The latest news from academia, regulators
research labs and other things of interest
Posted: Oct 28, 2013
Quantum reality more complex than previously thought
(Nanowerk News) Imagine you order a delivery of several glass vases in different colors. Each vase is sent as a separate parcel. What would you think of the courier if the parcels arrive apparently undamaged, yet when you open them, it turns out that all the red vases are intact and all the green ones are smashed to pieces? Physicists from the University of Warsaw and the Gdansk University of Technology have demonstrated that when quantum information is transmitted, nature can be as whimsical as this crazy delivery man.
Experiments on individual photons, conducted by physicists from the Faculty of Physics at the University of Warsaw (FUW) and the Faculty of Applied Physics and Mathematics at the Gdansk University of Technology (PG), have revealed yet another counterintuitive feature of the quantum world. When a quantum object is transmitted, its quantum property – whether it behaves as a wave or as a particle – appears to depend on other properties that at first glance have nothing to do with the transmission. These surprising results were published in the research journal Nature Communications ("Quantum mechanical which-way experiment with an internal degree of freedom").
Even an individual photon can travel along both arms of the interferometer at the same time. When it is unknown which path it is travelling along, we observe interference and the appearance of interference fringes. A strong signal is visible where the crests of light waves meet, and a weak signal is obtained at the meeting point of the troughs. If it is possible to determine which arm the photon travelled along, following leakage of information from the interferometer, the fringes disappear. (Credit: NLTK/Tentaris/Maciej Frolow)
Wave-interference experiments are some of the simplest and most elegant, and can be conducted by almost anyone. When a laser beam is directed at a plate with two slits, we observe a sequence of light and dark fringes. It has long been known that the fringes are visible even when just individual particles – single electrons or photons – pass through the slits. Physicists assume that every individual particle exhibits wave properties, passing through both slits at once and interfering with itself.
The situation is very different when it is possible to detect the path taken by a given photon or electron and determine which slit the particle has passed through, at least in principle. When information about the particle path leaks from the system to the observer, the interference disappears and instead of interference fringes no pattern is observed.
In order for photons to exhibit interference, their wavelengths must be the same, while electrons must have the same energy. However, quantum particles have a number of other properties. For example, they can be polarized (their electrical field vibrates in a certain plane) or have different spin orientations (a quantum property describing the dynamics of an object at rest).
"So far, it has been generally assumed that additional properties such as spin and polarization do not have a non-trivial impact on interference.
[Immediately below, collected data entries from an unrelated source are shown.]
(* Let $q$ be a prime power, $s\ge 2$ an integer, $v=2s$, and let $V$ be a $v$-dimensional vector space over $\mathrm{GF}(q)$. Let $\mathcal{G}$ be a Desarguesian $1$-spread of $V$. Let $L$ be a $2$-dimensional subspace of $V$ not contained in any element of $\mathcal{G}$. Then the number of $4$-dimensional subspaces of $V$ containing $L$ that are scattered with respect to $\mathcal{G}$ equals \[ \lambda_{\max}=\begin{bmatrix} v-2\\ 2\end{bmatrix}_q-1-q\begin{bmatrix} 2\\ 1\end{bmatrix}_q\begin{bmatrix} v-4\\ 1\end{bmatrix}_q-\begin{bmatrix} v\\ 1\end{bmatrix}_q\Big/\begin{bmatrix} 2\\ 1\end{bmatrix}_q+\begin{bmatrix} 4\\ 1\end{bmatrix}_q\Big/\begin{bmatrix} 2\\ 1\end{bmatrix}_q . \]
   Context: For integers $0\le m\le n$, $\begin{bmatrix} n\\ m\end{bmatrix}_q=\prod_{i=0}^{m-1}\frac{q^{n-i}-1}{q^{m-i}-1}$ is the Gaussian coefficient. A $1$-spread of $V$ is a set of $2$-dimensional subspaces of $V$ such that every $1$-dimensional subspace of $V$ lies in exactly one of them. The Desarguesian $1$-spread of $\mathrm{GF}(q^2)^s$, viewed as a $2s$-dimensional $\mathrm{GF}(q)$-vector space, is the set of all $1$-dimensional $\mathrm{GF}(q^2)$-subspaces of $\mathrm{GF}(q^2)^s$ (each being a $2$-dimensional $\mathrm{GF}(q)$-subspace); a $1$-spread of $V$ is Desarguesian if it is the image of this spread under some $\mathrm{GF}(q)$-linear isomorphism $\mathrm{GF}(q^2)^s\to V$. A subspace $B\le V$ is scattered with respect to $\mathcal{G}$ if $B$ contains no $2$-dimensional subspace contained in an element of $\mathcal{G}$ (equivalently, $\dim(B\cap S)\le 1$ for all $S\in\mathcal{G}$). *)

From HB Require Import structures.
From mathcomp Require Import all_boot all_order all_algebra all_field.
Set Implicit Arguments. Unset Strict Implicit. Unset Printing Implicit Defensive.
Import GRing.Theory.
Local Open Scope ring_scope.

Import VectorInternalTheory.
HB.instance Definition _ (F : finFieldType) (vT : vectType F) :=
  [Countable of {vspace vT} by <:].
HB.instance Definition _ (F : finFieldType) (vT : vectType F) :=
  [Finite of {vspace vT} by <:].

Definition gauss (q n m : nat) : rat :=
  \prod_(i < m) (((q ^ (n - i))%:R - 1) / ((q ^ (m - i))%:R - 1)).

Definition is_spread1 (F : fieldType) (vT : vectType F) (G : pred {vspace vT}) :=
  (forall S, G S -> \dim S = 2%N) /\
  (forall P : {vspace vT}, \dim P = 1%N ->
     exists S, [/\ G S, (P <= S)%VS & forall S', G S' -> (P <= S')%VS -> S' = S]).

(* F-linear isomorphisms GF(q^2)^s -> V, where K is the quadratic extension of F
   and F acts on 'rV[K]_s through the embedding a |-> a%:A *)
Definition Flin_iso (F : fieldType) (K : fieldExtType F) (s : nat) (vT : vectType F)
    (f : 'rV[K]_s -> vT) :=
  (forall (a : F) (x y : 'rV[K]_s), f ((a%:A : K) *: x + y) = a *: f x + f y)
  /\ bijective f.

(* The Desarguesian 1-spread: image under some F-linear isomorphism of the set of
   1-dim K-subspaces of K^s *)
Definition desarguesian (F : fieldType) (K : fieldExtType F) (s : nat) (vT : vectType F)
    (G : pred {vspace vT}) :=
  exists f : 'rV[K]_s -> vT, Flin_iso f /\
    forall S : {vspace vT},
      G S <-> exists2 x : 'rV[K]_s, x != 0 &
                forall w : vT, w \in S <-> exists c : K, w = f (c *: x).

Definition scattered (F : finFieldType) (vT : vectType F) (G : pred {vspace vT})
    (B : {vspace vT}) : bool :=
  [forall S : {vspace vT}, G S ==> (\dim (B :&: S) <= 1)%N].

(* Count the non-scattered 4-spaces through L by double counting the pairs
   (U, S) with S a spread element contained in U.  A spread element disjoint
   from L lies in exactly one such U, namely L + S; each of the q + 1 spread
   elements meeting L meets it in a point and lies in every 4-space through
   the 3-space L + S.  On the other side, a Desarguesian spread is closed
   under spans of two of its elements, so the span M of two spread elements
   meeting L is the only 4-space through L containing more than one spread
   element, and it contains q^2 + 1 of them. *)

From HB Require Import structures.
From mathcomp Require Import all_boot all_order all_algebra all_field.
From mathcomp Require Import ring zify.
Import GRing.Theory Num.Theory.
Import VectorInternalTheory.
Set Implicit Arguments.
Unset Strict Implicit.
Unset Printing Implicit Defensive.
Local Open Scope ring_scope.

Lemma card_predI_sum {A : finType} (P : {pred A}) (b : pred A) :
  #|[pred a in P | b a]| = (\sum_(a in P) b a)%N.
Proof. by rewrite -sum1_card big_mkcondr; apply: eq_bigr => a _; case: (b a). Qed.

Lemma double_counting {A B : finType} (P : {pred A}) (Q : {pred B})
    (R : A -> B -> bool) :
  (\sum_(a in P) #|[pred b in Q | R a b]|
   = \sum_(b in Q) #|[pred a in P | R a b]|)%N.
Proof.
under eq_bigr do rewrite card_predI_sum.
under [RHS]eq_bigr do rewrite card_predI_sum.
exact: exchange_big.
Qed.

Lemma gauss1E q n : gauss q n 1 = (q%:R ^+ n - 1) / (q%:R - 1).
Proof. by rewrite /gauss big_ord1 !subn0 !natrX expr1. Qed.

Lemma gauss2E q n : q != 1%N ->
  gauss q n 2 = gauss q n 1 * gauss q n.-1 1 / gauss q 2 1.
Proof.
move=> q_neq1; rewrite /gauss !big_ord_recr !big_ord0 /= !subn0 subn1 !natrX.
have q1 : q%:R - 1 != 0 :> rat by rewrite subr_eq0 pnatr_eq1.
have q21 : q%:R ^+ 2 - 1 != 0 :> rat.
  by rewrite subr_eq0 -natrX pnatr_eq1 -{2}(exp1n 2) eqn_exp2r.
by field; rewrite q1 q21.
Qed.

Lemma gauss_succ1 q n : q != 1%N -> gauss q n.+1 1 = 1 + q%:R * gauss q n 1.
Proof.
move=> q_neq1; have q1 : q%:R - 1 != 0 :> rat by rewrite subr_eq0 pnatr_eq1.
by rewrite !gauss1E exprS; field.
Qed.

Lemma gauss21E q : q != 1%N -> gauss q 2 1 = q%:R + 1.
Proof.
move=> q_neq1; have q1 : q%:R - 1 != 0 :> rat by rewrite subr_eq0 pnatr_eq1.
by rewrite gauss1E; field.
Qed.

Lemma natr_expB (q a b : nat) : (0 < q)%N -> (b <= a)%N ->
  (q ^ a - q ^ b)%:R = q%:R ^+ a - q%:R ^+ b :> rat.
Proof. by move=> q_gt0 le_ba; rewrite natrB ?leq_pexp2l // !natrX. Qed.

Lemma natr_quot_expB1 (q a b N : nat) : (1 < q)%N -> (0 < a)%N ->
  (N * (q ^ a - 1) = q ^ b - 1)%N -> N%:R = (q%:R ^+ b - 1) / (q%:R ^+ a - 1) :> rat.
Proof.
move=> q_gt1 a_gt0 /(congr1 (fun n => n%:R : rat)).
rewrite natrM !natrB ?expn_gt0 ?(ltnW q_gt1) // !natrX => E.
have den_neq0 : q%:R ^+ a - 1 != 0 :> rat.
  by rewrite subr_eq0 -natrX pnatr_eq1 -[1%N](expn0 q) eqn_exp2l // -lt0n.
by rewrite -E mulfK.
Qed.

Section FiniteVectorSpace.
Variables (F : finFieldType) (vT : vectType F).
Local Notation q := #|F|.
Local Notation fvT := (finvect_type vT).
Implicit Types (U V W A : {vspace vT}).

(* [{vspace vT}] and [{vspace fvT}] are not convertible, so [card_vspace]
   is applied to the copy of [V] in [fvT] with the same matrix. *)
Lemma card_vspace_vect V : #|[pred x : fvT | (x : vT) \in V]| = (q ^ \dim V)%N.
Proof.
pose W : {vspace fvT} := @mx2vs F fvT _ (vs2mx V).
have memW (x : fvT) : (x \in W) = ((x : vT) \in V).
  by rewrite /in_mem /= /pred_of_vspace /vline !mx2vsK.
have -> : \dim V = \dim W by rewrite /dimv /W mx2vsK.
by rewrite -card_vspace; apply: eq_card => x; rewrite inE memW.
Qed.

Lemma card_vspace_nonzero V :
  #|[pred x : fvT | ((x : vT) \in V) && ((x : vT) != 0)]| = (q ^ \dim V - 1)%N.
Proof.
rewrite -card_vspace_vect [in RHS](cardD1 (0 : fvT)) inE mem0v add1n subn1 /=.
by apply: eq_card => x; rewrite !inE andbC.
Qed.

Lemma card_vspace_diff W V : (W <= V)%VS ->
  #|[pred x : fvT | ((x : vT) \in V) && ((x : vT) \notin W)]|
  = (q ^ \dim V - q ^ \dim W)%N.
Proof.
move=> sWV; rewrite -!card_vspace_vect.
rewrite -(cardID [pred x : fvT | (x : vT) \in W] [pred x : fvT | (x : vT) \in V]).
have -> : #|[predI [pred x : fvT | (x : vT) \in V] & [pred x : fvT | (x : vT) \in W]]|
        = #|[pred x : fvT | (x : vT) \in W]|.
  by apply: eq_card => x; rewrite !inE andb_idl // => /(subvP sWV).
by rewrite addKn; apply: eq_card => x; rewrite !inE andbC.
Qed.

Lemma dim_addv_line W (x : vT) : x \notin W -> \dim (W + <[x]>) = (\dim W).+1.
Proof.
move=> xNW; have x_neq0 : x != 0 by apply: contraNneq xNW => ->; rewrite mem0v.
rewrite dimv_disjoint_sum ?dim_vline ?x_neq0 ?addn1 //.
apply/eqP; rewrite -subv0; apply/subvP => y /memv_capP[yW /vlineP[k def_y]].
rewrite memv0 def_y scaler_eq0 in yW *; apply/orP; left.
by apply: contraNT xNW => k_neq0; rewrite -[x](scalerK k_neq0) memvZ.
Qed.

Definition vspaces_between W A k : pred {vspace vT} :=
  [pred U | [&& (W <= U)%VS, (U <= A)%VS & \dim U == k]].

(* Each vector of [A] outside [W] spans, together with [W], exactly one
   subspace of [vspaces_between W A (\dim W).+1]. *)
Lemma card_vspaces_between_succ W A : (W <= A)%VS ->
  (#|vspaces_between W A (\dim W).+1| * (q ^ (\dim W).+1 - q ^ \dim W)
   = q ^ \dim A - q ^ \dim W)%N.
Proof.
move=> sWA; rewrite -sum_nat_const.
pose AW := [pred x : fvT | ((x : vT) \in A) && ((x : vT) \notin W)].
transitivity (\sum_(U in vspaces_between W A (\dim W).+1)
                #|[pred x in AW | (x : vT) \in U]|)%N.
  apply: eq_bigr => U /and3P[sWU sUA /eqP <-]; rewrite -card_vspace_diff //.
  apply: eq_card => x; rewrite !inE andbC.
  by case: (boolP (_ \in U)) => xU; rewrite ?andbF // (subvP sUA _ xU).
rewrite double_counting -card_vspace_diff // -sum1_card.
apply: eq_bigr => x; rewrite inE => /andP[xA xNW].
apply: (@eq_card1 _ (W + <[x : vT]>)%VS) => U; rewrite !inE.
apply/idP/eqP => [/andP[/and3P[sWU sUA /eqP dimU] xU] | ->].
  apply/eqP; rewrite eq_sym eqEdim subv_add sWU -memvE xU dimU.
  by rewrite dim_addv_line ?leqnn.
by rewrite addvSl subv_add sWA -memvE xA dim_addv_line // eqxx memvE addvSr.
Qed.

Lemma card_vspaces_between_succ_gauss W A : (W <= A)%VS ->
  #|vspaces_between W A (\dim W).+1|%:R = gauss q (\dim A - \dim W) 1.
Proof.
move=> sWA; have := card_vspaces_between_succ sWA.
have q_gt0 : (0 < q)%N by rewrite ltnW ?card_finNzRing_gt1.
have [d ->] : exists d, \dim A = (d + \dim W)%N.
  by exists (\dim A - \dim W)%N; rewrite subnK ?dimvS.
rewrite addnK gauss1E; set w := \dim W; set N := #|_|.
move/(congr1 (fun n => n%:R : rat)).
rewrite natrM !natr_expB ?leq_addl // exprS exprD => E.
have r_neq0 : q%:R != 0 :> rat by rewrite pnatr_eq0 -lt0n.
have r_neq1 : q%:R - 1 != 0 :> rat.
  by rewrite subr_eq0 pnatr_eq1 gtn_eqF ?card_finNzRing_gt1.
have den_neq0 : q%:R * q%:R ^+ w - q%:R ^+ w != 0 :> rat.
  by rewrite -{2}[_ ^+ w]mul1r -mulrBl mulf_neq0 ?expf_neq0.
rewrite -[N%:R](mulfK den_neq0) E.
by field; rewrite r_neq1 den_neq0.
Qed.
We decided to study the topic in more depth, and we were surprised by the results we obtained," says Prof. Konrad Banaszek (FUW).
The experiments by physicists from the University of Warsaw and the Gdansk University of Technology started by generating heralded photons. "The name sounds complicated, but the idea is simple in itself," according to Prof. Czeslaw Radzewicz (FUW). "We generate photons using a process in which they must be created in pairs. When we register one photon, we can be certain that the second was also born, and we know its properties such as direction or wavelength without destroying it. In other words, we use one photon to herald the generation of the second photon."
Each heralded photon was directed individually towards an interferometer, comprising two calcite crystals. In the first crystal, the photon was split and then sent through both arms of the interferometer at the same time. In each arm, researchers altered the polarization of the photon (the plane of vibration of its electrical field) by introducing noise. In the second calcite crystal, the paths were recombined to create a distinctive set of interference fringes, provided that the system did not leak any information as to which arm the given photon travelled along. The final stage of the experiment involved measuring the interference fringes using silicon avalanche photodiodes.
"It turned out that we were able to use measurements of interference fringes to determine how much information had leaked during transmission of the photon through the interferometer. In other words, we could be certain whether any eavesdropping had taken place during transmission," says Dr Michal Karpinski (University of Warsaw, currently University of Oxford), responsible for building the experimental system and conducting the measurements.
The results have revealed a new, surprising property of reality: the polarization of photons, or other internal degrees of freedom, play a highly non-trivial role in interference between the two paths.
"It is almost as though the quality of a courier delivery – for example, whether a glass vase delivered inside a securely packed parcel is still in one piece – depends on whether the vase is green or red. In our world the color has no bearing on whether the vase arrives intact or not. However, the condition of the parcels our 'quantum courier' delivers does indeed depend on internal properties that seem to have nothing to do with interference," according to Prof. Pawel Horodecki (PG).
The results allow physicists to examine the fundamental properties of reality in new, more comprehensive ways, as well as having practical applications in quantum cryptography. The Warsaw and Gdansk physicists have successfully derived a general inequality making it possible to precisely estimate the volume of information leaking from the measurement system.